Kumi Yamashita

Kumi Yamashita is a Japanese‑born artist based in New York who builds delicate, image‑forming sculptures from everyday materials and a single light source. She trained at Cornish College of the Arts (BFA) and Glasgow School of Art (MFA) and has shown widely, with solo exhibitions at institutions such as the Seattle Art Museum and group shows at venues including the Smithsonian’s National Portrait Gallery. “I sculpt using both light and shadow. I construct single or multiple objects and place them in relation to a single light source.”
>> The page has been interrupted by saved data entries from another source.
(* In the triangle $ABC$ with $a=1$ and $b=c=\sqrt{2+\sqrt3}$, the triangle centers $X_5$ and $X_{15}$ coincide.
   Context: $X_n$ denotes the $n$-th triangle center listed in Kimberling's Encyclopedia of Triangle Centers (ETC) ($X_5$ the nine-point center, $X_{15}$ the first isodynamic point), with $a=BC$, $b=CA$, $c=AB$. *)

From Stdlib Require Import Reals.
Open Scope R_scope.

Definition point := (R * R)%type.

Definition pdist (P Q : point) : R :=
  sqrt ((fst P - fst Q)^2 + (snd P - snd Q)^2).

Definition side_a (A B C : point) := pdist B C.
Definition side_b (A B C : point) := pdist C A.
Definition side_c (A B C : point) := pdist A B.

(* Interior angles, via the law of cosines. *)
Definition angA (A B C : point) : R :=
  let a := side_a A B C in let b := side_b A B C in let c := side_c A B C in
  acos ((b^2 + c^2 - a^2) / (2 * b * c)).
Definition angB (A B C : point) : R :=
  let a := side_a A B C in let b := side_b A B C in let c := side_c A B C in
  acos ((c^2 + a^2 - b^2) / (2 * c * a)).
Definition angC (A B C : point) : R :=
  let a := side_a A B C in let b := side_b A B C in let c := side_c A B C in
  acos ((a^2 + b^2 - c^2) / (2 * a * b)).

(* The point with (unnormalized) barycentric coordinates u : v : w. *)
Definition from_bary (A B C : point) (u v w : R) : point :=
  let s := u + v + w in
  ((u * fst A + v * fst B + w * fst C) / s,
   (u * snd A + v * snd B + w * snd C) / s).

(* X(5), nine-point center: barycentrics a cos(B - C) : b cos(C - A) : c cos(A - B) (ETC). *)
Definition X5 (A B C : point) : point :=
  let a := side_a A B C in let b := side_b A B C in let c := side_c A B C in
  let alpha := angA A B C in let beta := angB A B C in let gamma := angC A B C in
  from_bary A B C (a * cos (beta - gamma)) (b * cos (gamma - alpha))
                  (c * cos (alpha - beta)).

(* X(15), first isodynamic point: barycentrics
   a sin(A + pi/3) : b sin(B + pi/3) : c sin(C + pi/3) (ETC). *)
Definition X15 (A B C : point) : point :=
  let a := side_a A B C in let b := side_b A B C in let c := side_c A B C in
  let alpha := angA A B C in let beta := angB A B C in let gamma := angC A B C in
  from_bary A B C (a * sin (alpha + PI/3)) (b * sin (beta + PI/3))
                  (c * sin (gamma + PI/3)).

(* The triangle is isosceles with apex angle A = pi/6.  For such a triangle the
   barycentric weights of X(5) and X(15) agree term by term: sin(x + pi/3) =
   cos(x - pi/6), so with A = pi/6 and B = C both lists reduce to
   a : b cos(B - pi/6) : c cos(B - pi/6). *)

From Stdlib Require Import Reals Lra.
Open Scope R_scope.

Lemma sin_plus_PI3 (x : R) : sin (x + PI/3) = cos (x - PI/6).
Proof.
  rewrite <- cos_shift, <- cos_neg.
  f_equal; field.
Qed.

Lemma X5_eq_X15_of_angles (A B C : point) :
  angA A B C = PI/6 -> angB A B C = angC A B C -> X5 A B C = X15 A B C.
Proof.
  intros hA hBC.
  unfold X5, X15; cbv zeta.
  rewrite hA, hBC, !sin_plus_PI3, !Rminus_diag.
  replace (PI/6 - angC A B C) with (- (angC A B C - PI/6)) by ring.
  now rewrite cos_neg.
Qed.

Lemma angB_eq_angC_isosceles (A B C : point) :
  side_b A B C = side_c A B C -> angB A B C = angC A B C.
Proof.
  intros hbc.
  unfold angB, angC; cbv zeta.
  rewrite hbc.
  f_equal; unfold Rdiv; f_equal; [ring | f_equal; ring].
Qed.

(* The factor 2 - sqrt 3 is 2 - 2 cos(pi/6), by the law of cosines with b = c. *)
Lemma angA_isosceles_PI6 (A B C : point) :
  side_b A B C = side_c A B C -> side_b A B C <> 0 ->
  side_a A B C ^ 2 = (2 - sqrt 3) * side_b A B C ^ 2 ->
  angA A B C = PI/6.
Proof.
  intros hbc hb0 ha.
  assert (hPI : 0 < PI) by apply PI_RGT_0.
  unfold angA; cbv zeta.
  rewrite <- hbc, ha.
  replace (_ / _) with (cos (PI/6)).
  - apply acos_cos; lra.
  - rewrite cos_PI6. field; exact hb0.
Qed.

Theorem theorem3p3 (A B C : point) :
  pdist B C = 1 ->
  pdist C A = sqrt (2 + sqrt 3) ->
  pdist A B = sqrt (2 + sqrt 3) ->
  X5 A B C = X15 A B C.
Proof.
  intros ha hb hc.
  assert (hs3 : 0 < sqrt 3) by (apply sqrt_lt_R0; lra).
  assert (hbc : side_b A B C = side_c A B C) by (unfold side_b, side_c; congruence).
  apply X5_eq_X15_of_angles.
  - apply angA_isosceles_PI6; [exact hbc | |].
    + unfold side_b; rewrite hb.
      apply Rgt_not_eq, sqrt_lt_R0; lra.
    + unfold side_a, side_b; rewrite ha, hb, pow2_sqrt by lra.
      replace ((2 - sqrt 3) * (2 + sqrt 3)) with (4 - sqrt 3 ^ 2) by ring.
      rewrite pow2_sqrt by lra; ring.
  - exact (angB_eq_angC_isosceles A B C hbc).
Qed.
Lemma all_ops_local : is_local_clone all_ops.
Proof.
split=> //; split=> //.
- by move=> n [i lt_in]; exact: leq_ltn_trans lt_in.
- by move=> n m f g n_pos g_pos; exact: (g_pos (Ordinal n_pos)).
Qed.

Definition local_clone_cap (Q : opset Y -> Prop) : opset Y :=
  fun o => forall E, is_local_clone E -> Q E -> E o.

Lemma local_clone_cap_local (Q : opset Y -> Prop) :
  Q all_ops -> is_local_clone (local_clone_cap Q).
Proof.
move=> Qall; split; first split.
- by move=> o capo; exact: (capo _ all_ops_local Qall).
- by move=> n i E [[_ E_proj _] _] _; exact: E_proj.
- move=> n m f g Cf Cg E LE QE; case: (LE) => [[_ _ E_comp] _].
  by apply: E_comp => [|i]; [exact: Cf|exact: Cg].
- move=> n g n_pos g_approx E LE QE; case: (LE) => [_ E_loc].
  apply: E_loc => // B; have [h [Ch hg]] := g_approx B.
  by exists h; split; [exact: Ch|].
Qed.

Lemma local_clone_join_local (C D : opset Y) :
  is_clone C -> is_clone D -> is_local_clone (local_clone_join C D).
Proof.
move=> [C_pos _ _] [D_pos _ _].
have -> : local_clone_join C D =
    local_clone_cap (fun E => opset_sub C E /\ opset_sub D E).
  by apply: opset_ext => o; split => [Jo E LE [CE DE]|capo E LE CE DE];
    [exact: Jo|exact: capo].
by apply: local_clone_cap_local; split; [exact: C_pos|exact: D_pos].
Qed.

Lemma opset_meet_local (C D : opset Y) :
  is_local_clone C -> is_local_clone D -> is_local_clone (opset_meet C D).
Proof.
move=> [[C_pos C_proj C_comp] C_loc] [[_ D_proj D_comp] D_loc].
split; first split.
- by move=> o [Co _]; exact: C_pos.
- by move=> n i; split.
- move=> n m f g [Cf Df] CDg.
  by split; [apply: C_comp|apply: D_comp] => // i; case: (CDg i).
- move=> n g n_pos g_approx; split; [apply: C_loc|apply: D_loc] => // B;
    have [h [[Ch Dh] hg]] := g_approx B; by exists h.
Qed.

Definition preserves (R : Y -> Y -> Prop) (o : op Y) : Prop :=
  forall x y : 'I_(projT1 o) -> Y, (forall i, R (x i) (y i)) ->
    R (projT2 o x) (projT2 o y).

Definition Pol (J : Type) (Rs : J -> Y -> Y -> Prop) : opset Y :=
  fun o => 0 < projT1 o /\ forall j, preserves (Rs j) o.

Lemma Pol_local (J : Type) (Rs : J -> Y -> Y -> Prop) : is_local_clone (Pol Rs).
Proof.
split; first split.
- by move=> o [].
- by move=> n [i lt_in]; split; [exact: leq_ltn_trans lt_in|move=> j x y; apply].
- move=> n m f g [n_pos f_pres] Pg; split; first by case: (Pg (Ordinal n_pos)).
  move=> j x y Rxy; apply: (f_pres j (fun i => g i x) (fun i => g i y)) => i.
  by case: (Pg i) => _ g_pres; exact: g_pres.
- move=> n g n_pos g_approx; split => // j x y Rxy /=.
  have [h [[_ h_pres] hg]] := g_approx [:: x; y].
  rewrite -(hg x) /=; last by left.
  rewrite -(hg y) /=; last by right; left.
  exact: h_pres.
Qed.

Inductive clone_gen (P : opset Y) : opset Y :=
| clone_gen_base o : P o -> clone_gen P o
| clone_gen_proj n (i : 'I_n) : clone_gen P (proj Y i)
| clone_gen_comp n m (f : ('I_n -> Y) -> Y) (g : 'I_n -> ('I_m -> Y) -> Y) :
    clone_gen P (existT _ n f) -> (forall i, clone_gen P (existT _ m (g i))) ->
    clone_gen P (existT _ m (fun x => f (fun i => g i x))).

Lemma clone_gen_clone (P : opset Y) :
  (forall o, P o -> 0 < projT1 o) -> is_clone (clone_gen P).
Proof.
move=> P_pos; split.
- move=> o; elim => [p /P_pos //|n [i lt_in]|n m f g _ n_pos _ g_pos] /=.
  + exact: leq_ltn_trans lt_in.
  + exact: (g_pos (Ordinal n_pos)).
- exact: clone_gen_proj.
- exact: clone_gen_comp.
Qed.

Lemma clone_gen_min (P E : opset Y) :
  is_clone E -> opset_sub P E -> opset_sub (clone_gen P) E.
Proof.
move=> [_ E_proj E_comp] PE o; elim => [p /PE //|n i|n m f g _ Ef _ Eg].
- exact: E_proj.
- exact: E_comp.
Qed.

Lemma clone_gen_mono (P Q : opset Y) :
  opset_sub P Q -> opset_sub (clone_gen P) (clone_gen Q).
Proof.
move=> PQ o; elim => [p /PQ|n i|n m f g _ Qf _ Qg].
- exact: clone_gen_base.
- exact: clone_gen_proj.
- exact: clone_gen_comp.
Qed.

Lemma clone_join_sub_gen (C D : opset Y) :
  is_clone C -> is_clone D ->
  opset_sub (clone_join C D) (clone_gen (fun p => C p \/ D p)).
Proof.
move=> [C_pos _ _] [D_pos _ _] o; apply.
- by apply: clone_gen_clone => p [/C_pos|/D_pos].
- by move=> p Cp; apply: clone_gen_base; left.
- by move=> p Dp; apply: clone_gen_base; right.
Qed.

Lemma In_enum (T : finType) (x : T) : List.In x (enum T).
Proof.
elim: (enum T) (mem_enum T x) => //= y s IHs.
by rewrite in_cons => /orP [/eqP ->|/IHs]; [left|right].
Qed.

Lemma clone_gen_finite (C D : opset Y) o :
  clone_gen (fun p => C p \/ D p) o ->
  exists G : seq (op Y), (forall q, List.In q G -> D q) /\
    clone_gen (fun p => C p \/ List.In p G) o.
Proof.
elim => [p [Cp|Dp]|n i|n m f g _ [Gf [DGf gen_f]] _ IHg].
- by exists [::]; split => //; apply: clone_gen_base; left.
- by exists [:: p]; split => [q [<-|]|] //; apply: clone_gen_base; right; left.
- by exists [::]; split => //; apply: clone_gen_proj.
- have [Gg HGg] := choice _ IHg.
  pose G := Gf ++ List.concat [seq Gg i | i <- enum 'I_n].
  have Gg_sub i q : List.In q (Gg i) -> List.In q G.
    move=> Gq; apply/List.in_app_iff; right; apply/List.in_concat.
    by exists (Gg i); split => //; apply/List.in_map_iff; exists i; split => //;
      exact: In_enum.
  exists G; split.
  + move=> q /List.in_app_iff [/DGf //|/List.in_concat [l [Gl lq]]].
    have [i [Gil _]] := iffLR (List.in_map_iff _ _ _) Gl; subst l.
    by case: (HGg i) => DGg _; exact: DGg.
  + apply: clone_gen_comp => [|i].
    * apply: clone_gen_mono gen_f => p [Cp|Gp]; [left|right] => //.
      by apply/List.in_app_iff; left.
    * case: (HGg i) => _ gen_g.
      apply: clone_gen_mono gen_g => p [Cp|Gp]; [left|right] => //.
      exact: Gg_sub Gp.
Qed.

End LocalClones.

Lemma cantor_injection (c : (nat -> bool) -> nat) : ~ injective c.
Proof.
move=> c_inj.
pose P k := exists a : nat -> bool, c a = k /\ a k.
pose diag k := if excluded_middle_informative (P k) then false else true.
have diagP k : diag k <-> ~ P k.
  by rewrite /diag; case: excluded_middle_informative.
have : diag (c diag) <-> P (c diag).
  by split => [|[a [/c_inj -> //]]]; exists diag.
by rewrite diagP; tauto.
Qed.

Definition enc_op (A : finType) (o : op A) : nat :=
  let: existT n f := o in pickle (n, pickle [ffun x : {ffun 'I_n -> A} => f x]).

Lemma enc_op_inj (A : finType) : injective (@enc_op A).
Proof.
move=> [n f] [m g] /= /(pcan_inj pickleK) [nm]; subst m.
move=> /(pcan_inj pickleK) fg.
congr existT; apply: functional_extensionality => x.
have ffx : (fun i => [ffun i => x i] i) = x.
  by apply: functional_extensionality => i; rewrite ffunE.
move/ffunP/(_ [ffun i => x i]): fg; rewrite !ffunE => fgx.
by rewrite -[in RHS]ffx -[in LHS]ffx.
Qed.

Section Embedding.
Variables (X : Type) (A : finType) (F : opset X -> opset A).
Hypothesis HF : loc_lattice_embedding F.

Lemma emb_mono (C D : opset X) : is_local_clone C -> is_local_clone D ->
  opset_sub C D -> opset_sub (F C) (F D).
Proof.
case: HF => _ _ F_meet _ LC LD /opset_meet_idl CD.
by apply/opset_meet_idl; rewrite -F_meet // CD.
Qed.

Lemma emb_reflect (C D : opset X) : is_local_clone C -> is_local_clone D ->
  opset_sub (F C) (F D) -> opset_sub C D.
Proof.
case: HF => _ F_inj F_meet _ LC LD /opset_meet_idl FCD.
by apply/opset_meet_idl; apply: F_inj; rewrite ?F_meet //; exact: opset_meet_local.
Qed.

Lemma emb_no_continuum_family (C0 C1 : opset X) (Cs : (nat -> bool) -> opset X) :
  is_local_clone C0 -> is_local_clone C1 -> (forall a, is_local_clone (Cs a)) ->
  ~ opset_sub C0 C1 ->
  (forall a, opset_sub C0 (local_clone_join C1 (Cs a))) ->
  (forall a b, a <> b -> opset_sub (opset_meet (Cs a) (Cs b)) C1) ->
  False.
Proof.
move=> L0 L1 Ls nsub01 sub0 sub_meet.
case: (HF) => F_clone _ F_meet F_join.
have [f [F0f nF1f]] : exists f, F C0 f /\ ~ F C1 f.
  apply: NNPP => nf; apply/nsub01/(emb_reflect L0 L1) => f F0f.
  by apply: NNPP => nF1f; apply: nf; exists f.
have support a : exists G : seq (op A), (forall q, List.In q G -> F (Cs a) q) /\
    clone_gen (fun p => F C1 p \/ List.In p G) f.
  apply/clone_gen_finite/clone_join_sub_gen; [exact: F_clone|exact: F_clone|].
  rewrite -F_join //; apply: (emb_mono L0 _ (sub0 a)) F0f.
  by apply: local_clone_join_local; [case: L1|case: (Ls a)].
have [G HG] := choice _ support.
have [a [b [Nab Gab]]] : exists a b, a <> b /\ G a = G b.
  apply: NNPP => nab.
  apply: (@cantor_injection (fun a => pickle (map (@enc_op A) (G a)))).
  move=> a b /(pcan_inj pickleK) /(inj_map (@enc_op_inj A)) Gab.
  by apply: NNPP => Nab; apply: nab; exists a, b.
apply: nF1f; case: (HG a) => Ga gen_f.
apply: (clone_gen_min (F_clone _ L1)) gen_f => p [//|Gp].
apply: (emb_mono _ L1 (sub_meet a b Nab)); first exact: opset_meet_local.
rewrite F_meet //; split; first exact: Ga.
by case: (HG b) => Gb _; apply: Gb; rewrite -Gab.
Qed.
Her best‑known series, Constellation, makes portraits by winding one unbroken thread around thousands of galvanized brads on a white panel so that the dark areas are produced solely by densely overlapped thread. She also creates shadow sculptures from cut paper, fabric and found objects, always composing the physical elements so a single lamp casts the intended silhouette; this process often begins with a clear image in her mind and long studio trial and error.

Yamashita’s work is in public and private collections worldwide and has earned awards and residencies including the Pollock‑Krasner grant and the Crystal Kirin Award. She draws inspiration from the human figure and from cross‑cultural encounters, and she describes her practice as a quiet, precise choreography of material and light that turns ordinary objects into contemplative portraits.